I ignore myself like the middle class ignores the homeless.
     Of course I don't have two dollars; I don't even have the time.
                                        Sipping privilege out of Napoleon bottles,
                              Slipping privilege into Styrofoam;
      Dreaming of recycling.


Apathy is defined as a lack of interest;
                                         Empathy is defined as normalcy.


Apathy is running down train tracks until shoes fly off,
            burying yourself in rebar and mumbling the words to prayers.    

                                                                                    Your parents taught you well.

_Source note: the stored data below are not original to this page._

Lemma ge_exp_neg_half_of_rate_le (f r : R -> R) (beta : R) :
  filterlim f (at_right 0) (locally (f 0)) ->
  (forall t, 0 < t -> is_derive f t (- r t * f t)) ->
  (forall t, 0 <= t -> 0 <= f t) ->
  (forall t, 0 < t -> r t <= / 2 * beta * exp (- beta * t)) ->
  forall t, 0 <= t -> f 0 * exp (- / 2) <= f t.
Proof.
  intros Hf0 Hf Hpos Hr t Ht.
  (* The weight exp w has w' = (beta/2) e^(-beta s), an upper bound of the rate,
     and exp w >= e^(-1/2) with equality at 0. *)
  set (w := fun s => - / 2 * exp (- beta * s)).
  assert (Hw : forall s, is_derive w s (/ 2 * beta * exp (- beta * s)))
    by (intros s; unfold w; auto_derive; [exact I | ring]).
  set (h := fun s => f s * exp (w s)).
  assert (Hh : forall s, 0 < s ->
    is_derive h s ((- r s * f s + f s * (/ 2 * beta * exp (- beta * s))) * exp (w s)))
    by (intros s Hs; apply is_derive_mult_exp; auto).
  assert (Hh0 : filterlim h (at_right 0) (locally (h 0))).
  { apply at_right0_mult_continuous; [exact Hf0 |].
    apply continuous_exp_comp, (ex_derive_continuous (V := R_NormedModule)).
    eexists; apply Hw. }
  assert (Hht : f 0 * exp (- / 2) <= h t).
  { replace (f 0 * exp (- / 2)) with (h 0)
      by (unfold h, w; rewrite Rmult_0_r, exp_0; f_equal; f_equal; ring).
    apply (derive_nonneg_ge_at0 h _ Hh0 Hh); auto.
    intros s Hs. pose proof (exp_pos (w s)).
    assert (0 <= (/ 2 * beta * exp (- beta * s) - r s) * f s)
      by (apply Rmult_le_pos; [pose proof (Hr s Hs) | apply Hpos]; lra).
    nra. }
  assert (Hwt : exp (w t) <= 1).
  { rewrite <- exp_0. left; apply exp_increasing. unfold w. pose proof (exp_pos (- beta * t)). lra. }
  pose proof (Hpos t Ht). unfold h in Hht. nra.
Qed.

Lemma lam_mul_half_pow (k : nat) : lam k * (/ 2) ^ (k + 1) = / 2 * 4 ^ k.
Proof.
  unfold lam. rewrite pow_add, pow_1, <- Rmult_assoc, <- Rpow_mult_distr.
  replace (8 * / 2) with 4 by field. ring.
Qed.

Lemma lam_succ_mul_half_pow (k : nat) : lam (k + 1) * (/ 2 * (/ 2) ^ (k + 2)) = 4 ^ k.
Proof.
  unfold lam. rewrite !pow_add.
  replace (8 ^ k * 8 ^ 1 * (/ 2 * ((/ 2) ^ k * (/ 2) ^ 2)))
    with ((8 * / 2) ^ k * (8 * / 2 * / 2 ^ 2)) by (rewrite Rpow_mult_distr; simpl; field).
  replace (8 * / 2) with 4 by field. simpl. field.
Qed.

Lemma half_le_exp_neg_half : / 2 <= exp (- / 2).
Proof.
  assert (Hsq : exp (/ 2) * exp (/ 2) = exp 1) by (rewrite <- exp_plus; f_equal; field).
  pose proof exp_le_3. pose proof (exp_pos (/ 2)).
  rewrite exp_Ropp. apply Rinv_le_contravar; nra.
Qed.

Section Proposition.

Variables (N : nat) (m : nat -> R -> R).
Hypothesis m_solution : is_solution m.
Hypothesis m_initial : initial_data N m.

Lemma m_exp_form (n : nat) : (1 <= n)%nat ->
  forall t, 0 <= t -> exists G, m n t = m n 0 * exp G.
Proof.
  intros Hn t Ht.
  destruct (m_solution n Hn) as [Hright Hderiv].
  destruct (m_solution (S n) ltac:(lia)) as [Hright_succ Hderiv_succ].
  eexists. apply (linear_ode_exp_form (m n) (fun s => m (S n) s * - lam n)); auto.
  - apply at_right0_mult_continuous; [exact Hright_succ | apply continuous_const].
  - intros s Hs. apply (continuous_mult (K := R_AbsRing)); [| apply continuous_const].
    apply (ex_derive_continuous (V := R_NormedModule)). eexists; apply Hderiv_succ, Hs.
  - intros s Hs. replace (m n s * (m (S n) s * - lam n)) with (- lam n * m n s * m (S n) s)
      by ring. auto.
Qed.
Lemma RInt_gap_density_le_energy (c k : R) : 0 < c ->
  RInt (gap_density c k (fun y => 1 - u y)) 0 1 <= c ^ 3 * I1 f df - c ^ 2 * k * I2 f.
Proof.
  intros hc. rewrite I1_clamped, I2_clamped.
  pose proof u_continuous. pose proof Fu_continuous.
  assert (HQ : ex_RInt (I1_density u du) 0 1).
  { apply (ex_RInt_continuous (V := R_CompleteNormedModule)).
    rewrite Rmin_left, Rmax_right by lra. apply I1_density_continuous. }
  assert (Hh : ex_RInt (fun y => (1 - u y) * y) 0 1)
    by (apply ex_RInt_of_continuous; intros; solve_continuous).
  assert (Hm : ex_RInt (fun y => Fu y + 2 * ((1 - u y) * y)) 0 1)
    by (apply ex_RInt_of_continuous; intros; solve_continuous).
  assert (HE : ex_RInt (gap_density c k (fun y => 1 - u y)) 0 1)
    by (apply ex_RInt_of_continuous; intros; unfold gap_density; solve_continuous).
  replace (c ^ 3 * RInt (I1_density u du) 0 1 - c ^ 2 * k * RInt (fun y => (1 - u y) * y) 0 1)
    with (RInt (fun y => c ^ 3 * I1_density u du y + - (c ^ 2 * k) * ((1 - u y) * y)) 0 1)
    by (rewrite RInt_lincomb by assumption; as_R_eq; ring).
  replace (RInt (gap_density c k (fun y => 1 - u y)) 0 1)
    with (RInt (fun y => 1 * gap_density c k (fun y => 1 - u y) y
                         + - (2 * c ^ 2 * k / 3) * (Fu y + 2 * ((1 - u y) * y))) 0 1)
    by (rewrite RInt_lincomb, RInt_Fu_moment by assumption; as_R_eq; ring).
  apply RInt_le; [lra | | |].
  - apply ex_RInt_of_continuous. intros. unfold gap_density. solve_continuous.
  - apply (ex_RInt_continuous (V := R_CompleteNormedModule)).
    rewrite Rmin_left, Rmax_right by lra. intros z Hz.
    pose proof (I1_density_continuous z Hz). solve_continuous.
  - intros y Hy. pose proof (gap_density_le_integrand c k y hc Hy). lra.
Qed.

Lemma eq_id_of_eq_id_on_01 : (forall y, 0 < y < 1 -> f y = y) -> forall y, Icl y -> f y = y.
Proof.
  destruct Hf as [_ [Hm1 [H1 [_ [_ [_ Hodd]]]]]].
  intros Hpos y [Hlo Hhi].
  destruct Hhi as [Hhi | ->]; [| exact H1].
  destruct Hlo as [Hlo | <-]; [| exact Hm1].
  destruct (Rtotal_order y 0) as [Hy | [-> | Hy]].
  - pose proof (Hodd (- y) ltac:(lra)) as Hneg.
    rewrite Ropp_involutive, (Hpos (- y)) in Hneg by lra. lra.
  - pose proof (Hodd 0 ltac:(lra)) as H0. rewrite Ropp_0 in H0. lra.
  - apply Hpos. lra.
Qed.

Lemma energy_lower_bound (c k : R) : 0 < c -> 0 < k ->
  - 2 * k ^ 3 / 81 <= c ^ 3 * I1 f df - c ^ 2 * k * I2 f /\
  (c ^ 3 * I1 f df - c ^ 2 * k * I2 f = - 2 * k ^ 3 / 81 ->
   3 * c = 2 * k /\ forall y, Icl y -> f y = y).
Proof.
  intros hc hk.
  pose proof (RInt_gap_density_le_energy c k hc).
  destruct (RInt_gap_density_ge c k (fun y => 1 - u y) hc hk) as [Hge Heq].
  - pose proof u_continuous. intros x. solve_continuous.
  - intros y Hy. pose proof (u_range y ltac:(lra)). lra.
  - split; [lra |]. intros Hmin.
    destruct (Heq ltac:(lra)) as [Hck Hid]. split; [exact Hck |].
    apply eq_id_of_eq_id_on_01. intros y Hy.
    specialize (Hid y Hy). rewrite clamped_eq in Hid by (unfold Icl; lra). lra.
Qed.

End ClassF.

Lemma inF_id : inF (fun y => y) (fun _ => 1).
Proof.
  split; [split; [| split] |].
  - intros y _. eapply filterlim_filter_le_1; [apply filter_le_within | apply filterlim_id].
  - intros y _. auto_derive; [exact I | ring].
  - intros y _. apply filterlim_const.
  - repeat split; intros; lra.
Qed.

Lemma I1_id : I1 (fun y => y) (fun _ => 1) = 1 / 6.
Proof.
  unfold I1. rewrite (RInt_ext _ (fun y => (1 - y ^ 2) / 4)).
  - rewrite (RInt_of_derive (fun y => (y - y ^ 3 / 3) / 4)); [as_R_eq; field | |].
    + intros x. auto_derive; [exact I | field].
    + intros x. solve_continuous.
  - rewrite Rmin_left, Rmax_right by lra. intros x Hx.
    assert (HF : Fprim (fun _ => 1) x = (x ^ 2 - 1) / 2).
    { unfold Fprim. rewrite (RInt_of_derive (fun s => s ^ 2 / 2)); [as_R_eq; field | |].
      - intros s. auto_derive; [exact I | field].
      - intros s. solve_continuous. }
    rewrite HF. as_R_eq. field. nra.
Qed.

Lemma I2_id : I2 (fun y => y) = 1 / 6.
Proof.
  unfold I2. rewrite (RInt_of_derive (fun y => y ^ 2 / 2 - y ^ 3 / 3)); [as_R_eq; field | |].
  - intros x. auto_derive; [exact I | field].
  - intros x. solve_continuous.
Qed.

The same parents ignore the homeless; now used to their privilege.
                               they're the ones that chased the chasers away.


If Nihilism is learned behavior, whose to say God isn't?
     Scrambling to find order in the thoughts our memories give us,
ping even,
suiciding our identities to make room for the words written on pages more outdated than patriarchy.
                                        sounds familiar;
         nostalgia kicks in harder than the cigarettes we smoke to forget we're smoking.
It's easier than it looks, just a little rough on the lumps that build in throats.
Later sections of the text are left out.